Content starts

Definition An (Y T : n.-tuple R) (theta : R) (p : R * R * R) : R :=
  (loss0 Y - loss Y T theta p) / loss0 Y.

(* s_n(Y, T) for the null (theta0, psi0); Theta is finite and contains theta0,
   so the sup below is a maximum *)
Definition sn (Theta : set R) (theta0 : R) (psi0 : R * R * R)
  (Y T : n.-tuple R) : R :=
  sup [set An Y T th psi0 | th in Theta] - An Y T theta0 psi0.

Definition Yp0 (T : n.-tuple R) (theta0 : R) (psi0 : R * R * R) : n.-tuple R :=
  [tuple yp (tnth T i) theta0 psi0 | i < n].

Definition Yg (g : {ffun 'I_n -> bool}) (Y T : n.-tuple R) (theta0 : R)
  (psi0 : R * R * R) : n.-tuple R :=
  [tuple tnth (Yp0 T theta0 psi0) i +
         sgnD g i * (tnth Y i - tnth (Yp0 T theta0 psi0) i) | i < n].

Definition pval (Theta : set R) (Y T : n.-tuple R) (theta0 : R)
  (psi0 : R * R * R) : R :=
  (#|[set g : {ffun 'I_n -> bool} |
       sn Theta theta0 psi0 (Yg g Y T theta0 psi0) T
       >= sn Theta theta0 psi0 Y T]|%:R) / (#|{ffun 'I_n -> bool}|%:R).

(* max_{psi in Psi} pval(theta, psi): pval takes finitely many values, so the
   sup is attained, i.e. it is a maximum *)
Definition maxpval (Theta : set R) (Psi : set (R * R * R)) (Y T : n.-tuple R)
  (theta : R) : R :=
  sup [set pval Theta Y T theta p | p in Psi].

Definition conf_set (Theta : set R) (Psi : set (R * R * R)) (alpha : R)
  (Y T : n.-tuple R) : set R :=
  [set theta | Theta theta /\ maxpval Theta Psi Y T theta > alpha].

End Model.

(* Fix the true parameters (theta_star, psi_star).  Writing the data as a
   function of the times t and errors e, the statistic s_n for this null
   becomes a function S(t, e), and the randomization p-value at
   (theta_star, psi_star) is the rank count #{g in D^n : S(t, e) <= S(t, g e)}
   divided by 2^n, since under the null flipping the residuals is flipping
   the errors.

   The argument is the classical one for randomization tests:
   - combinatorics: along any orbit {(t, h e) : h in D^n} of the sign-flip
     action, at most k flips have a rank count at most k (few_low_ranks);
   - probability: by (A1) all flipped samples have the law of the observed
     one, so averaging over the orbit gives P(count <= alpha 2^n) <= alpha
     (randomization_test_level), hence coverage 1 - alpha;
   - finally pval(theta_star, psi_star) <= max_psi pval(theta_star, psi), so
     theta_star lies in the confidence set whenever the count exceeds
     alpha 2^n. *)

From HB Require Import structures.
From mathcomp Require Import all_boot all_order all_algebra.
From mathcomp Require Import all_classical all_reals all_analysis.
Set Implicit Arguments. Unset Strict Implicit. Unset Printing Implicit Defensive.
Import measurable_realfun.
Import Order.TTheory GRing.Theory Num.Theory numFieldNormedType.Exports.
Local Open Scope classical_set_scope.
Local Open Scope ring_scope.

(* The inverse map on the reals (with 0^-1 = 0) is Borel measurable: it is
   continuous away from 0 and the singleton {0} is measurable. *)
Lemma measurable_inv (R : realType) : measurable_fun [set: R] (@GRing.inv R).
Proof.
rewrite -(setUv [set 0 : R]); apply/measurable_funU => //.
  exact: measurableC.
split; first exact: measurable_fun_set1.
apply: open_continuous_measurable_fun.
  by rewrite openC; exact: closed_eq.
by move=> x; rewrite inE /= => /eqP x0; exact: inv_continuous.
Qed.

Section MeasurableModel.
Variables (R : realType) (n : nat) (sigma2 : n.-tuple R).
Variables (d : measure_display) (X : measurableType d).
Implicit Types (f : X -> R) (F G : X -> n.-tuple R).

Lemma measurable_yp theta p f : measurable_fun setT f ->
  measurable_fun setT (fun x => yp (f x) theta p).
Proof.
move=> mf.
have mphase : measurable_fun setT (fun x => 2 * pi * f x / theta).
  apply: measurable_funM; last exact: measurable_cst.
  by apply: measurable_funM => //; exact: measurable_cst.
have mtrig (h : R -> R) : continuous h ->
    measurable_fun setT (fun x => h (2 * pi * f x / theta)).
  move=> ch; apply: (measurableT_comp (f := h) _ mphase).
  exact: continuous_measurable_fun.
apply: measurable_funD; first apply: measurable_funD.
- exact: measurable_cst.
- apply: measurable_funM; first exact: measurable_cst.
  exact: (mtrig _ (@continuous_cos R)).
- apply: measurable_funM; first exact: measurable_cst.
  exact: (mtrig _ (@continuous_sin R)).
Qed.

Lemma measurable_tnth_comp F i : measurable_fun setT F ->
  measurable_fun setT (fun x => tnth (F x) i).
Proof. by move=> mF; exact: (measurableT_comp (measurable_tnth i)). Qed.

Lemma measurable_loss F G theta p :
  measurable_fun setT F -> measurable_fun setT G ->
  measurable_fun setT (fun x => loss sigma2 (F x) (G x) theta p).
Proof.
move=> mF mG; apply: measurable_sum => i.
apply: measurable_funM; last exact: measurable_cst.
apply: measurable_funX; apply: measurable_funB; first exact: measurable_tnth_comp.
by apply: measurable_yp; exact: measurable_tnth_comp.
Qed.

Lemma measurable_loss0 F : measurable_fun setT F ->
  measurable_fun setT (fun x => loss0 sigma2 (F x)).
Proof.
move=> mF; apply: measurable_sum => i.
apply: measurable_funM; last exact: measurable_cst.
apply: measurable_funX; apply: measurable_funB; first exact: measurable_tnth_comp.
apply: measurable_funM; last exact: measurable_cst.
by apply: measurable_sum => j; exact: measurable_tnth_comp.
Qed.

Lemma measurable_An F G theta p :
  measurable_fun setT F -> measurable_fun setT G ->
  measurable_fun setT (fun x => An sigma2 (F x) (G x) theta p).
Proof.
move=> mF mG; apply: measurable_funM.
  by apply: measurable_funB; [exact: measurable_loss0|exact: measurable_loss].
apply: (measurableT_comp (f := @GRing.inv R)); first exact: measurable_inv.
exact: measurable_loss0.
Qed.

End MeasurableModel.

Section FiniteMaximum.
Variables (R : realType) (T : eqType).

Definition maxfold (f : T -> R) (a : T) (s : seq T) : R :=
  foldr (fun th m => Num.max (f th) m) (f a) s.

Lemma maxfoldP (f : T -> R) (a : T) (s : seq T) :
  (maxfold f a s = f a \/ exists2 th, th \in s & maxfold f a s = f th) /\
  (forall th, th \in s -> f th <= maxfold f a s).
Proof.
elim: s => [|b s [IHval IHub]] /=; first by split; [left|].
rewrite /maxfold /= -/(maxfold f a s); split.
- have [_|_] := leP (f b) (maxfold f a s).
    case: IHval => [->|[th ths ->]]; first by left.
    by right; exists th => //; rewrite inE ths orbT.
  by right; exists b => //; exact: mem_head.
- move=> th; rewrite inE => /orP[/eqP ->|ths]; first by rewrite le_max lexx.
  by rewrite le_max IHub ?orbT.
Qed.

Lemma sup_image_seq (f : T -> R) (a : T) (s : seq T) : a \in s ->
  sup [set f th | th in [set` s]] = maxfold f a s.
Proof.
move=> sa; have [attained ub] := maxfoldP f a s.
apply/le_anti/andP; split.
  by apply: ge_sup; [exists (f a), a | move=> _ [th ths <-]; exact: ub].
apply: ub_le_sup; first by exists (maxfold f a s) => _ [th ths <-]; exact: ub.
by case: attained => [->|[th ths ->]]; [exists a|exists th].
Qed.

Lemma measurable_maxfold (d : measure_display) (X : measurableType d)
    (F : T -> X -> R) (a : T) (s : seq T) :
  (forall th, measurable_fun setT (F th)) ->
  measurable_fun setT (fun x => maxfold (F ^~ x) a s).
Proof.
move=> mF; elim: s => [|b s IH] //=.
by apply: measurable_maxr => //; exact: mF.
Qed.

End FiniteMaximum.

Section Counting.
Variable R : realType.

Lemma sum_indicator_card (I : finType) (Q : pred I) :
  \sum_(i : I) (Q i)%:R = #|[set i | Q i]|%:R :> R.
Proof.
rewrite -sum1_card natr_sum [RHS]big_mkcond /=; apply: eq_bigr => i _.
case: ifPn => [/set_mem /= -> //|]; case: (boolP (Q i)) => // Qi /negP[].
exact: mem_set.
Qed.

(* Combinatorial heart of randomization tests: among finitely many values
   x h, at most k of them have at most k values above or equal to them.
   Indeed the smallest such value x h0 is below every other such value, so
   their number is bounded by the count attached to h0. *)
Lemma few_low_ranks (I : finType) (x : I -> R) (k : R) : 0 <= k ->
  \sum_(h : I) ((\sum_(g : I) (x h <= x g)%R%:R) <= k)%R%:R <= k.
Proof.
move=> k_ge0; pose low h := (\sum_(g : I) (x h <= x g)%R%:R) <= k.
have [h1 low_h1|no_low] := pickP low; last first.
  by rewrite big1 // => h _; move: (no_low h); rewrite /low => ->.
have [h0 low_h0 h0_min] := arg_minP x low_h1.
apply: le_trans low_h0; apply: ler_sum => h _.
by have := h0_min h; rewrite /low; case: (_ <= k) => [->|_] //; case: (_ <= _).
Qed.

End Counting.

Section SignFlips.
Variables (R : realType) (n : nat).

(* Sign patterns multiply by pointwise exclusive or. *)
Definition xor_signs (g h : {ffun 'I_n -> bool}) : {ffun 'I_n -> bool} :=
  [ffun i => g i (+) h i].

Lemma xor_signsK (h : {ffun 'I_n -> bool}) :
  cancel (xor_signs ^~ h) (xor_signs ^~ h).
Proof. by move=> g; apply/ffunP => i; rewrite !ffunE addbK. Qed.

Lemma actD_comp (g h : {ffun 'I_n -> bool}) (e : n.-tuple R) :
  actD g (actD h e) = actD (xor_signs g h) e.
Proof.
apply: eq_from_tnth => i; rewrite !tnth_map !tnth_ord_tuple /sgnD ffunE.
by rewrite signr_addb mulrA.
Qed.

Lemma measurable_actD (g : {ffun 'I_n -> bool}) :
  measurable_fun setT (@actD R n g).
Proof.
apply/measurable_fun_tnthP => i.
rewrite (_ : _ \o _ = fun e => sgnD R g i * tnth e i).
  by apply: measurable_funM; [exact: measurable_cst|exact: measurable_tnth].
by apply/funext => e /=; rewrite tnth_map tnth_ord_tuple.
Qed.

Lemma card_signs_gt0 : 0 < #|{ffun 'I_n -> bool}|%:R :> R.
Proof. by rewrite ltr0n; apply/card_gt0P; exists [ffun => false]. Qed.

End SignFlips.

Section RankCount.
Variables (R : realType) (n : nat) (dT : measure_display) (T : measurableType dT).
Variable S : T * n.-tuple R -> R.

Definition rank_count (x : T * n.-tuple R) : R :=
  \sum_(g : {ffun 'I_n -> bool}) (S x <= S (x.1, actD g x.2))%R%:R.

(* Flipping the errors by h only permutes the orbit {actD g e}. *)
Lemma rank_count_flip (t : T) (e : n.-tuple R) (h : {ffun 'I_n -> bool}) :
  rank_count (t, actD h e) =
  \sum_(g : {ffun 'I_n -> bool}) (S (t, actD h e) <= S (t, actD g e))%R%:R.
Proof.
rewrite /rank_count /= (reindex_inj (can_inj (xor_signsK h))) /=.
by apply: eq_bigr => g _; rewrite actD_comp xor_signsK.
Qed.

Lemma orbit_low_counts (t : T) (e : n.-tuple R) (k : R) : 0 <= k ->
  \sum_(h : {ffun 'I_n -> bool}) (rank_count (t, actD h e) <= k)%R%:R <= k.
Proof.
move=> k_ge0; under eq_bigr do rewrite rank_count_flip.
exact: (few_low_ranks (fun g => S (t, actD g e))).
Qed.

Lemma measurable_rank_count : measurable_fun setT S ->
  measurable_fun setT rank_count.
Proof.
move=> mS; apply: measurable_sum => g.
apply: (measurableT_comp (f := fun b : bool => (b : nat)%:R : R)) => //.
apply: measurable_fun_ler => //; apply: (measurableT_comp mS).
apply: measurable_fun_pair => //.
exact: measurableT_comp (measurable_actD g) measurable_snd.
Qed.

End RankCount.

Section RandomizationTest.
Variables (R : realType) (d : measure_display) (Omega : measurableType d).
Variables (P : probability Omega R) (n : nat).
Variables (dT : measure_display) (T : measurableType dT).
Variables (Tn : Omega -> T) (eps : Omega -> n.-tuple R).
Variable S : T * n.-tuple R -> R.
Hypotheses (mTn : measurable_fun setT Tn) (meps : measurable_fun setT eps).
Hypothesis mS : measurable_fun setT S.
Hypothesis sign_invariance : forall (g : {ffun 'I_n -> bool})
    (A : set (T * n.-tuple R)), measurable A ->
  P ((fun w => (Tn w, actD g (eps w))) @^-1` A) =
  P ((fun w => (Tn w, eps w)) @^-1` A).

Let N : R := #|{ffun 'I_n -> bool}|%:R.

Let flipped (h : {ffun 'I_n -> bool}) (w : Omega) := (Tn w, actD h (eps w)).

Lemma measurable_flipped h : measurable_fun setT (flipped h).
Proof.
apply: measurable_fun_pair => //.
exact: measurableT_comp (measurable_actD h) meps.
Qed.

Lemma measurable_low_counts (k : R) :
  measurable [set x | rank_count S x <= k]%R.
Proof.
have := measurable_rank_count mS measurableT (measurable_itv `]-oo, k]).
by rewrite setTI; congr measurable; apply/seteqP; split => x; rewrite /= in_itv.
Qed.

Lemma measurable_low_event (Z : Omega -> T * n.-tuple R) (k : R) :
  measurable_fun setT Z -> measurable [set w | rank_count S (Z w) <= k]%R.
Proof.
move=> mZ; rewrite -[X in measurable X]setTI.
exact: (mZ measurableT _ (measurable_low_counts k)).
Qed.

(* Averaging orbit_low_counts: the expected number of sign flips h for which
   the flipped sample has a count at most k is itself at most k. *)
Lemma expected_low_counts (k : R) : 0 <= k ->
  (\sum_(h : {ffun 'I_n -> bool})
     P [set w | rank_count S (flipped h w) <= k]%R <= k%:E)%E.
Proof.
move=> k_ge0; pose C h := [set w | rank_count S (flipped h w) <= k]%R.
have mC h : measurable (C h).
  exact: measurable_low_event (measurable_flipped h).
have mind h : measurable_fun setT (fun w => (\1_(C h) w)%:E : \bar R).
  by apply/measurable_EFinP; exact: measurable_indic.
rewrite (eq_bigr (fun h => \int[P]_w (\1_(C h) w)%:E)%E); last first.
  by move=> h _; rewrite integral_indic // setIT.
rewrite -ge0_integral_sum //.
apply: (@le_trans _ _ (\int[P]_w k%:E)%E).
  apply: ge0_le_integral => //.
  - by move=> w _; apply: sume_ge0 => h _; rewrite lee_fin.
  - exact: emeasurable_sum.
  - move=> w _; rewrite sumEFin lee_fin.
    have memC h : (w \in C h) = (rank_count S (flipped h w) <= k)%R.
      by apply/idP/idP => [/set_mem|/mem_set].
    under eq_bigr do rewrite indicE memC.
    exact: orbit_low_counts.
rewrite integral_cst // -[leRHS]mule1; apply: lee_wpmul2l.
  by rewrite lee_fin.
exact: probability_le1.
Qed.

Content ends

Among the lines of the material above, find those with the word "maxfoldP". Copy each one.

OUTPUT OF THE EXERCISE ::
Lemma maxfoldP (f : T -> R) (a : T) (s : seq T) :
move=> sa; have [attained ub] := maxfoldP f a s.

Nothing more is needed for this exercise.